• [YOUR TASK]:
All lines in the data below carrying the string "hsqrt" are to be located and copied.

»»

Lemma abel_sum_le (T : nat) (a : nat -> R) (W L : nat -> 'I_K -> R) (l : R) :
  0 <= l -> (forall t, 0 <= a t) -> (forall t, (1 <= t < T)%N -> a t <= a t.+1) ->
  (forall t, (1 <= t <= T)%N -> in_simplex (W t)) ->
  (forall t k, (1 <= t <= T.+1)%N -> - l <= L t k <= 0) ->
  \sum_(1 <= t < T.+1) a t * dotp (W t) (fun k => L t.+1 k - L t k)
    <= a T * (l * (1 + path_length T W)).
Proof.
move=> l0 a0 amono Ws Lb.
have V0 n := path_length_ge0 n W.
have [->|T0] := posnP T.
  by rewrite big_geq // mulr_ge0 // mulr_ge0 // addr_ge0.
suff inv : forall n, (0 < n <= T)%N ->
    \sum_(1 <= t < n.+1) a t * dotp (W t) (fun k => L t.+1 k - L t k)
      <= a n * (dotp (W n) (L n.+1) + l * (1 + path_length n W)).
  apply: le_trans (inv T _) _; first by rewrite T0 leqnn.
  rewrite ler_wpM2l // gerDr.
  by apply: dotp_le0 => [|k]; [apply: Ws; rewrite T0 leqnn | case/andP: (Lb T.+1 k (leqnn _))].
case=> // n; elim: n => [|n IH] /andP[_ nT].
  rewrite big_nat1 /path_length big_geq // addr0 mulr1 dotpBr ler_wpM2l // lerD2l.
  by rewrite lerNl; apply: dotp_ge_oppr => [|k]; [apply: Ws; rewrite nT | case/andP: (Lb 1%N k isT)].
have {}IH := IH (ltnW nT).
rewrite big_nat_recr //= path_lengthS.
set V := path_length n.+1 W in IH *; set D := \sum_(k < K) _.
have Ln k : `|L n.+2 k| <= l.
  by have /andP[? ?] := Lb n.+2 k (ltnW nT); rewrite ler_norml; apply/andP; split; lra.
have hx := dotp_subl_le (W n.+1) (W n.+2) Ln.
have hy : - l <= dotp (W n.+2) (L n.+2).
  by apply: dotp_ge_oppr => [|k]; [apply: Ws; rewrite nT | case/andP: (Lb n.+2 k (ltnW nT))].
have a1 := a0 n.+1; have a12 : a n.+1 <= a n.+2 by apply: amono; rewrite nT.
have D0 : 0 <= D by apply: sumr_ge0.
have h1 := ler_wpM2l a1 hx; rewrite -/D in h1.
have h2 : 0 <= (a n.+2 - a n.+1) * (dotp (W n.+2) (L n.+2) + l).
  by rewrite mulr_ge0 // ?subr_ge0; lra.
have h3 : 0 <= (a n.+2 - a n.+1) * l * (V + D).
  by apply: mulr_ge0; [apply: mulr_ge0; rewrite ?subr_ge0 | exact: addr_ge0 (V0 _) D0].
rewrite dotpBr.
lra.
Qed.

Lemma md_dynamic_regret (delta c : R) (T : nat) (eta : nat -> R)
    (z : nat -> 'I_K -> R) (f : nat -> R) (wh w : nat -> 'I_K -> R) :
  0 < delta -> delta <= 1 ->
  (forall t, 0 < eta t) -> (forall t, (1 <= t < T)%N -> eta t.+1 <= eta t) ->
  (forall t, (1 <= t <= T)%N -> in_simplex (z t)) ->
  (forall t, (1 <= t <= T)%N -> `|f t| <= c) ->
  (forall t, (1 <= t <= T)%N ->
     is_md_step (eta t) (grad_loss (f t) (z t)) (wh t) (wh t.+1)) ->
  (forall t, (1 <= t <= T)%N -> in_simplex (w t)) ->
  (forall t, (1 <= t <= T.+1)%N -> in_simplex_delta delta (wh t)) ->
  dyn_regret T f z wh w <=
    c ^+ 2 / 4 * \sum_(1 <= t < T.+1) eta t + ln delta^-1 * (1 + path_length T w) / eta T.
Proof.
move=> d0 d1 eta0 etaS zs fc md ws whs.
have whpos t k : (1 <= t <= T.+1)%N -> 0 < wh t k.
  by move=> /whs[_ /(_ k)]; apply: lt_le_trans.
have lnwh t k : (1 <= t <= T.+1)%N -> - ln delta^-1 <= ln (wh t k) <= 0.
  move=> ht; have [whS /(_ k) dwh] := whs t ht.
  by rewrite lnV ?posrE // opprK ler_ln ?posrE ?whpos // dwh ln_le0 // simplex_le1.
apply: le_trans (_ : _ <= \sum_(1 <= t < T.+1) (c ^+ 2 / 4 * eta t
    + (eta t)^-1 * dotp (w t) (fun k => ln (wh t.+1 k) - ln (wh t k)))) _.
  apply: ler_sum_nat => t /andP[t1 tT]; rewrite ltnS in tT.
  have ht : (1 <= t <= T)%N by rewrite t1.
  have ht1 : (1 <= t <= T.+1)%N by rewrite t1 leqW.
  have ht2 : (1 <= t.+1 <= T.+1)%N by rewrite !ltnS tT.
  apply: md_step_regret (eta0 t) (fc t ht) (zs t ht) (whs t ht1).1 (ws t ht) _ _ (md t ht).
    by move=> k; apply: whpos.
  by move=> k; apply: whpos.
rewrite big_split /= -mulr_sumr (mulrC _ (eta T)^-1) lerD2l.
apply: (abel_sum_le (a := fun t => (eta t)^-1) (L := fun t k => ln (wh t k)))
  => [|t|t /andP[t1 tT]|t /ws|t k /lnwh] //.
- by rewrite ln_ge0 // invf_ge1.
- by rewrite invr_ge0 ltW.
- by rewrite lef_pV2 ?posrE // etaS // t1.
Qed.

End MirrorDescent.

Lemma sum_inv_sqrt_le (R : rcfType) (ce : R) n : 0 < ce ->
  \sum_(1 <= t < n.+1) (Num.sqrt (1 + ce * t%:R))^-1
    <= 2 * (Num.sqrt (1 + ce * n%:R) - 1) / ce.
Proof.
move=> ce0; elim: n => [|n IH].
  by rewrite big_geq // mulr0 addr0 sqrtr1 subrr mulr0 mul0r.
rewrite big_nat_recr //=.
set x := Num.sqrt (1 + ce * n.+1%:R); set y := Num.sqrt (1 + ce * n%:R) in IH *.
have n0 : 0 <= n%:R :> R := ler0n _ _.
have y0 : 0 <= y := sqrtr_ge0 _.
have x0 : 0 < x by rewrite sqrtr_gt0 -natr1; nra.
have ex : x ^+ 2 = y ^+ 2 + ce by rewrite !sqr_sqrtr -?natr1; [ring | nra | nra].
have step : x^-1 <= 2 * (x - y) / ce.
  rewrite -(ler_pM2r (mulr_gt0 x0 ce0)) mulKf ?gt_eqF //.
  have -> : 2 * (x - y) / ce * (x * ce) = 2 * x * (x - y) by field; rewrite gt_eqF.
  by have := sqr_ge0 (x - y); nra.
have -> : 2 * (x - 1) / ce = 2 * (y - 1) / ce + 2 * (x - y) / ce by field; rewrite gt_eqF.
exact: lerD.
Qed.

Lemma quadratic_root_le (R : rcfType) (a b g x : R) : 0 < a -> 0 <= g ->
  2 / a * (b + Num.sqrt (b ^+ 2 + a * g)) <= x -> 4 * (b * x + g) <= a * x ^+ 2.
Proof.
move=> a0 g0 hx.
have D0 : 0 <= b ^+ 2 + a * g := addr_ge0 (sqr_ge0 b) (mulr_ge0 (ltW a0) g0).
set r := Num.sqrt _ in hx; have r0 : 0 <= r := sqrtr_ge0 _.
have er : r ^+ 2 = b ^+ 2 + a * g by rewrite sqr_sqrtr.
have hr : r <= a * x / 2 - b.
  have := ler_wpM2l (ltW a0) hx.
  by rewrite mulrA mulrCA divff ?gt_eqF // mulr1 => h; lra.
have hsq : a * (4 * (b * x + g)) <= a * (a * x ^+ 2) by nra.
by rewrite ler_pM2l in hsq.
Qed.

Section StepSizeSchedule.
Variables (R : realType) (c ceta A : R).
Hypotheses (c0 : 0 < c) (ce0 : 0 < ceta) (A0 : 0 < A).

Lemma sqrt_1Dceta_gt0 (t : nat) : 0 < Num.sqrt (1 + ceta * t%:R).
Proof. by rewrite sqrtr_gt0 ltr_pwDl // mulr_ge0 // ltW. Qed.

Lemma eta_t_gt0 t : 0 < eta_t c ceta A t.
Proof. by rewrite !divr_gt0 ?sqrt_1Dceta_gt0 // sqrtr_gt0 mulr_gt0. Qed.

Lemma eta_tS_le t : eta_t c ceta A t.+1 <= eta_t c ceta A t.
Proof.
rewrite ler_pM2l ?divr_gt0 ?sqrtr_gt0 ?mulr_gt0 // lef_pV2 ?posrE ?sqrt_1Dceta_gt0 //.
by rewrite ler_sqrt ?lerD2l ?ler_pM2l ?ler_nat // ltW // ltr_pwDl // mulr_ge0 ?ltW.
Qed.

Lemma eta_t_regret_le T :
  c ^+ 2 / 4 * \sum_(1 <= t < T.+1) eta_t c ceta A t + A / eta_t c ceta A T
    <= 3 / 2 * Num.sqrt (c ^+ 2 * A * (T%:R + ceta^-1)).
Proof.
set s := Num.sqrt (ceta * A); set B := Num.sqrt (1 + ceta * T%:R).
have s0 : 0 < s by rewrite sqrtr_gt0 mulr_gt0.
have B0 : 0 < B := sqrt_1Dceta_gt0 T.
have es : s ^+ 2 = ceta * A by rewrite sqr_sqrtr // ltW // mulr_gt0.
have eB : B ^+ 2 = 1 + ceta * T%:R by rewrite sqr_sqrtr // addr_ge0 // mulr_ge0 // ltW.
pose X := c * s / ceta.
have X0 : 0 < X by rewrite /X divr_gt0 // mulr_gt0.
have hsum : c ^+ 2 / 4 * \sum_(1 <= t < T.+1) eta_t c ceta A t <= X * (B - 1) / 2.
  have -> : X * (B - 1) / 2 = c ^+ 2 / 4 * (eta0 c ceta A * (2 * (B - 1) / ceta)).
    by rewrite /eta0 -/s /X; field; rewrite !gt_eqF.
  rewrite /eta_t -mulr_sumr ler_wpM2l ?divr_ge0 ?sqr_ge0 // ler_wpM2l ?sum_inv_sqrt_le //.
  by rewrite /eta0 divr_ge0 ?sqrtr_ge0 ?ltW.
have hlast : A / eta_t c ceta A T = X * B.
  rewrite /eta_t /eta0 -/s -/B /X -[A](mulKf (lt0r_neq0 ce0)) -es.
  by field; rewrite !gt_eqF.
have hsqrt : Num.sqrt (c ^+ 2 * A * (T%:R + ceta^-1)) = X * B.
  rewrite -(ger0_norm (ltW (mulr_gt0 X0 B0))) -sqrtr_sqr; congr Num.sqrt.
  by rewrite /X !exprMn es eB; field; rewrite gt_eqF.
rewrite hlast hsqrt.
lra.
Qed.

End StepSizeSchedule.

Theorem corollaryB3 (R : realType) (K : nat) (delta c ceta : R) (T : nat)
  (z : nat -> 'I_K -> R) (f : nat -> R) (wh w : nat -> 'I_K -> R) (eps : R) :
  (2 <= K)%N -> 0 < delta -> delta <= (K%:R)^-1 -> 0 < c -> 0 < ceta ->
  (forall t, (1 <= t <= T)%N -> in_simplex (z t)) ->
  (forall t, (1 <= t <= T)%N -> `|f t| <= c) ->
  wh 1%N = @uniform R K ->
  (forall t, (1 <= t <= T)%N ->
     is_md_step (eta_t c ceta (A_T delta T w) t) (grad_loss (f t) (z t)) (wh t) (wh t.+1)) ->
  (forall t, (1 <= t <= T)%N -> in_simplex_delta delta (w t)) ->
  (forall t, (1 <= t <= T.+1)%N -> in_simplex_delta delta (wh t)) ->
  0 < eps ->
  2 / eps ^+ 2 * (c ^+ 2 * A_T delta T w
      + Num.sqrt (c ^+ 4 * (A_T delta T w) ^+ 2
                  + eps ^+ 2 * c ^+ 2 * A_T delta T w / ceta)) <= T%:R ->
  dyn_regret T f z wh w / T%:R <= eps.
Proof.
move=> K2 d0 dK c0 ce0 zs fc _ md ws whs e0 HT.
have [->|T0] := posnP T; first by rewrite invr0 mulr0 ltW.
set A := A_T delta T w in md HT *.
have K1 : 1 < K%:R :> R by rewrite ltr1n.
have d1 : delta < 1 by apply: le_lt_trans dK _; rewrite invf_lt1 // (lt_trans ltr01 K1).
have A0 : 0 < A by apply: A_T_gt0; rewrite d0 d1.
have eta0 := eta_t_gt0 c0 ce0 A0.
rewrite ler_pdivrMr ?ltr0n //.
apply: le_trans (md_dynamic_regret d0 (ltW d1) eta0 _ zs fc md (fun t ht => (ws t ht).1) whs) _.
  by move=> t _; apply: eta_tS_le.
apply: le_trans (_ : _ <= c ^+ 2 / 4 * \sum_(1 <= t < T.+1) eta_t c ceta A t
                          + A / eta_t c ceta A T) _.
  by rewrite lerD2l ler_pM2r ?invr_gt0 //; apply: A_T_ge.
apply: le_trans (eta_t_regret_le c0 ce0 A0 T) _.
have g0 : 0 <= c ^+ 2 * A / ceta by rewrite divr_ge0 ?mulr_ge0 ?sqr_ge0 // ltW.
have := quadratic_root_le (b := c ^+ 2 * A) (exprn_gt0 2 e0) g0.
rewrite (_ : (c ^+ 2 * A) ^+ 2 + eps ^+ 2 * (c ^+ 2 * A / ceta)
           = c ^+ 4 * A ^+ 2 + eps ^+ 2 * c ^+ 2 * A / ceta); last by ring.
move=> /(_ _ HT) quad.
have epsT : 0 <= eps * T%:R := mulr_ge0 (ltW e0) (ler0n _ _).
have : Num.sqrt (c ^+ 2 * A * (T%:R + ceta^-1)) <= eps * T%:R / 2.
  rewrite -(ger0_norm (divr_ge0 epsT (ler0n _ 2))) -sqrtr_sqr ler_sqrt ?sqr_ge0 //.
  lra.
lra.
Qed.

««

• [FINISHED TASK]:
have hsqrt : Num.sqrt (c ^+ 2 * A * (T%:R + ceta^-1)) = X * B.
rewrite hlast hsqrt.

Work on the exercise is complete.